DATA FOR PROCESSING:

Lemma Ex_dotv_aff_noise_eps m Y : (2 <= m)%N -> aff_noise m Y ->
  Ex P (fun w => dotv (Y w) (eps m w)) = 0.
Proof.
move=> m2 hY.
rewrite (@Ex_ext _ (fun w => \sum_i Y w i 0 * eps m w i 0)) => [|w]; last first.
  by rewrite dotvE.
rewrite Ex_sum => [|i _].
  by apply: big1 => i _; apply: Ex_lin_noise_mul_eps => //; apply: aff_noise_lin.
apply: (@Int_ext (fun w => eps m w i 0 * Y w i 0)) => [w|]; first by rewrite mulrC.
by apply: Int_eps_mul_lin_noise => //; apply: aff_noise_lin hY.
Qed.

Lemma Int_dotv_eps m : (2 <= m)%N -> Int P (fun w => dotv (eps m w) (eps m w)).
Proof.
move=> m2; apply: (@Int_ext (fun w => \sum_i eps m w i 0 * eps m w i 0)) => [w|].
  by rewrite dotvE.
by apply: Int_sum => i _; apply: hI2.
Qed.

Lemma Ex_dotv_eps m : (2 <= m)%N -> Ex P (fun w => dotv (eps m w) (eps m w)) = \tr C.
Proof.
move=> m2.
rewrite (@Ex_ext _ (fun w => \sum_i eps m w i 0 * eps m w i 0)) => [|w]; last first.
  by rewrite dotvE.
by rewrite Ex_sum => [|i _]; [apply: eq_bigr => i _; rewrite hC | apply: hI2].
Qed.

Lemma aff_noise_ext k Y Z : (forall w, Y w = Z w) -> aff_noise k Y -> aff_noise k Z.
Proof. by move=> e [c [M h]]; exists c, M => w; rewrite -e h. Qed.

Lemma aff_noise_const k c : aff_noise k (fun _ => c).
Proof.
by exists c, (fun _ => 0) => w; rewrite big1 ?addr0 // => j _; exact: mul0mx.
Qed.

Lemma aff_noiseD k Y Z :
  aff_noise k Y -> aff_noise k Z -> aff_noise k (fun w => Y w + Z w).
Proof.
move=> [c [M e]] [c' [M' e']]; exists (c + c'), (fun j => M j + M' j) => w.
rewrite e e' addrACA; congr (_ + _); rewrite -big_split.
by apply: eq_bigr => j _; rewrite mulmxDl.
Qed.

Lemma aff_noiseZ k (a : R) Y : aff_noise k Y -> aff_noise k (fun w => a *: Y w).
Proof.
move=> [c [M e]]; exists (a *: c), (fun j => a *: M j) => w.
rewrite e scalerDr scaler_sumr; congr (_ + _).
by apply: eq_bigr => j _; rewrite scalemxAl.
Qed.

Lemma aff_noiseM k (A : 'M[R]_d) Y : aff_noise k Y -> aff_noise k (fun w => A *m Y w).
Proof.
move=> [c [M e]]; exists (A *m c), (fun j => A *m M j) => w.
rewrite e mulmxDr mulmx_sumr; congr (_ + _).
by apply: eq_bigr => j _; rewrite mulmxA.
Qed.

Lemma aff_noiseB k Y Z :
  aff_noise k Y -> aff_noise k Z -> aff_noise k (fun w => Y w - Z w).
Proof.
move=> hY hZ; apply: aff_noiseD hY _.
by apply: aff_noise_ext (aff_noiseZ (-1) hZ) => w; rewrite scaleN1r.
Qed.

Lemma aff_noise_mono k k' Y : (k <= k')%N -> aff_noise k Y -> aff_noise k' Y.
Proof.
move=> kk [c [M e]]; exists c, (fun j => if (j < k)%N then M j else 0) => w.
rewrite e (big_nat_widen _ _ _ _ _ kk) big_mkcond /=; congr (_ + _).
by apply: eq_bigr => j _; case: ifP => // _; rewrite mul0mx.
Qed.

Lemma aff_noise_eps m : (2 <= m)%N -> aff_noise m.+1 (eps m).
Proof.
move=> m2; exists 0, (fun j => if j == m then 1%:M else 0) => w.
rewrite add0r big_nat_recr //= eqxx mul1mx big1_seq ?add0r // => j /andP[_].
by rewrite mem_index_iota => /andP[_ jm]; rewrite (ltn_eqF jm) mul0mx.
Qed.

End Expectation.

Ltac aff_noise_closure :=
  repeat first [ apply: aff_noiseB | apply: aff_noiseD | apply: aff_noiseZ
               | apply: aff_noiseM | apply: aff_noise_const ].

Section NoisyIteration.
Variables (R : rcfType) (d : nat) (H : 'M[R]_d) (L : R) (q : 'cV[R]_d).
Variables (Omega : Type) (P : ExpSpace R Omega).
Variables (eps : nat -> Omega -> 'cV[R]_d) (C : 'M[R]_d).
Variables (theta0 : 'cV[R]_d) (alpha beta : R).
Hypothesis Hsym : H^T = H.
Hypothesis Hpsd : forall y, 0 <= dotv y (H *m y).
Hypothesis Hbound : forall y, dotv y (H *m y) <= L * dotv y y.
Hypothesis Lpos : 0 < L.
Hypothesis Hts : H *m thstar H q = q.
Hypothesis hI1 : forall n (i : 'I_d), (2 <= n)%N -> Int P (fun w => eps n w i 0).
Hypothesis hI2 : forall n m (i j : 'I_d), (2 <= n)%N -> (2 <= m)%N ->
  Int P (fun w => eps n w i 0 * eps m w j 0).
Hypothesis hE1 : forall n (i : 'I_d), (2 <= n)%N -> Ex P (fun w => eps n w i 0) = 0.
Hypothesis hE2 : forall n m (i j : 'I_d), (2 <= n)%N -> (2 <= m)%N -> n <> m ->
  Ex P (fun w => eps n w i 0 * eps m w j 0) = 0.
Hypothesis hC : forall n (i j : 'I_d), (2 <= n)%N ->
  Ex P (fun w => eps n w i 0 * eps n w j 0) = C i j.
Hypotheses (al0 : 0 < alpha) (alL : alpha * L <= 1).
Hypotheses (be0 : 0 <= beta) (beL : beta * L <= 1).

Local Notation ts := (thstar H q).
Local Notation th := (noisy_iter H q alpha beta eps theta0).

Definition scaled_err k w := k%:R *: (th k w - ts).
Definition scaled_incr k w := scaled_err k.+1 w - scaled_err k w.
Definition lyap_iter k w := lyap H alpha beta (scaled_incr k w) (scaled_err k w).
Definition noise_weight k := k%:R * alpha + beta.

Lemma aff_noise_iter k : aff_noise eps k.+1 (th k).
Proof.
suff : aff_noise eps k.+1 (th k) /\ aff_noise eps k.+2 (th k.+1) by case.
elim: k => [|k [IH1 IH2]].
  by split; apply: aff_noise_ext (aff_noise_const eps _ theta0).
split => //; rewrite /noisy_iter /= /noisy_step -/(th k.+1) -/(th k).
by aff_noise_closure; first [ exact: aff_noise_mono (leqnSn _) IH2
  | exact: aff_noise_mono (leqW (leqnSn _)) IH1 | exact: aff_noise_eps ].
Qed.

Lemma aff_noise_scaled_err k : aff_noise eps k.+1 (scaled_err k).
Proof. by aff_noise_closure; exact: aff_noise_iter. Qed.

Lemma aff_noise_scaled_incr k : aff_noise eps k.+2 (scaled_incr k).
Proof.
apply: aff_noiseB; first exact: aff_noise_scaled_err.
exact: aff_noise_mono (leqnSn _) (aff_noise_scaled_err k).
Qed.

Lemma scaled_incr_rec m w : scaled_incr m.+1 w = scaled_incr m w
  - beta *: (H *m scaled_incr m w) - alpha *: (H *m scaled_err m.+1 w)
  + noise_weight m.+1 *: eps m.+2 w.
Proof.
have e2 : ((m.+2)%:R : R) = (m.+1)%:R + 1 by rewrite natr1.
have e0 : ((m)%:R : R) = (m.+1)%:R - 1 by rewrite -natr1 addrK.
by rewrite /scaled_incr /scaled_err e2 e0; exact: noisy_step_scaled.
Qed.

Lemma lyap_iter_succ_le m w : lyap_iter m.+1 w <= lyap_iter m w
  + dotv (lyap_noise_coef H alpha beta (noise_weight m.+1) (scaled_incr m w)
            (scaled_err m.+1 w)) (eps m.+2 w)
  + noise_weight m.+1 ^+ 2 * dotv (eps m.+2 w) (eps m.+2 w).
Proof.
rewrite /lyap_iter scaled_incr_rec.
have -> : scaled_err m w = scaled_err m.+1 w - scaled_incr m w.
  by rewrite /scaled_incr opprB addrC subrK.
exact: lyap_step_le (ltW al0) alL be0 beL _ _ _ _.
Qed.

Lemma Int_lyap_iter k : Int P (lyap_iter k).
Proof.
have hU := aff_noise_scaled_incr k.
have hX := aff_noise_mono (leqnSn _) (aff_noise_scaled_err k).
rewrite /lyap_iter /lyap.
apply: Int_add; first apply: Int_add; first apply: Int_add; try apply: Int_scale.
- exact (Int_dotv_aff_noise hI1 hI2 hU hU).
- exact (Int_dotv_aff_noise hI1 hI2 hX (aff_noiseM H hX)).
- exact (Int_dotv_aff_noise hI1 hI2 hX (aff_noiseM H hU)).
- exact (Int_dotv_aff_noise hI1 hI2 hX (aff_noiseM H (aff_noiseM H hU))).
Qed.

Lemma Ex_lyap_iter_succ_le m :
  Ex P (lyap_iter m.+1) <= Ex P (lyap_iter m) + noise_weight m.+1 ^+ 2 * \tr C.
Proof.
have m2 : (2 <= m.+2)%N by [].
have hZ : aff_noise eps m.+2 (fun w => lyap_noise_coef H alpha beta
    (noise_weight m.+1) (scaled_incr m w) (scaled_err m.+1 w)).
  by rewrite /lyap_noise_coef; aff_noise_closure; first
    [exact (aff_noise_iter _) | exact (aff_noise_mono (leqnSn _) (aff_noise_iter _))].
have hIm := Int_lyap_iter m.
have hdot := Int_dotv_aff_noise hI1 hI2 hZ (aff_noise_eps eps m2).
have hnorm := Int_scale (noise_weight m.+1 ^+ 2) (Int_dotv_eps hI2 m2).
apply: le_trans (Ex_le (Int_lyap_iter m.+1) (Int_add (Int_add hIm hdot) hnorm)
  (lyap_iter_succ_le m)) _.
rewrite (Ex_add (Int_add hIm hdot) hnorm) (Ex_add hIm hdot).
rewrite (Ex_scale _ (Int_dotv_eps hI2 m2)).
by rewrite (Ex_dotv_aff_noise_eps hI1 hI2 hE1 hE2 m2 hZ) (Ex_dotv_eps hI2 hC m2) addr0.
Qed.

Lemma Ex_lyap_iter_le N m : beta <= N%:R * alpha -> (m < N)%N ->
  Ex P (lyap_iter m) <=
  dotv (theta0 - ts) (theta0 - ts) + m%:R * (\tr C * (2 * N%:R * alpha) ^+ 2).
Proof.
move=> beN; elim: m => [|m IH] hm.
  rewrite mul0r addr0 (@Ex_ext _ _ _ _ (fun _ => dotv (theta0 - ts) (theta0 - ts))).
    by rewrite Ex_const.
  move=> w; rewrite /lyap_iter /scaled_incr /scaled_err /lyap /= scale0r scale1r.
  by rewrite subr0 !dotv0l !mulr0 !addr0.
have trC0 : 0 <= \tr C.
  rewrite -(Ex_dotv_eps hI2 hC (leqnn 2)); apply: Ex_pos => [|w].
    exact: Int_dotv_eps.
  exact: dotv_ge0.
have s0 : 0 <= noise_weight m.+1 by rewrite addr_ge0 // mulr_ge0 // ltW.
have s1 : noise_weight m.+1 <= 2 * N%:R * alpha.
  have : m.+1%:R * alpha <= N%:R * alpha.
    by apply: (ler_wpM2r (ltW al0)); rewrite ler_nat ltnW.
  rewrite /noise_weight; lra.
have sC : noise_weight m.+1 ^+ 2 * \tr C <= \tr C * (2 * N%:R * alpha) ^+ 2.
  by rewrite mulrC ler_wpM2l // !expr2 ler_pM.
have := IH (ltnW hm); have := Ex_lyap_iter_succ_le m.
rewrite -natr1 mulrDl mul1r; lra.
Qed.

TASK INSTRUCTIONS: Write out every line of the listing that holds the word "ltnW".

RESULT:
    by apply: (ler_wpM2r (ltW al0)); rewrite ler_nat ltnW.
have := IH (ltnW hm); have := Ex_lyap_iter_succ_le m.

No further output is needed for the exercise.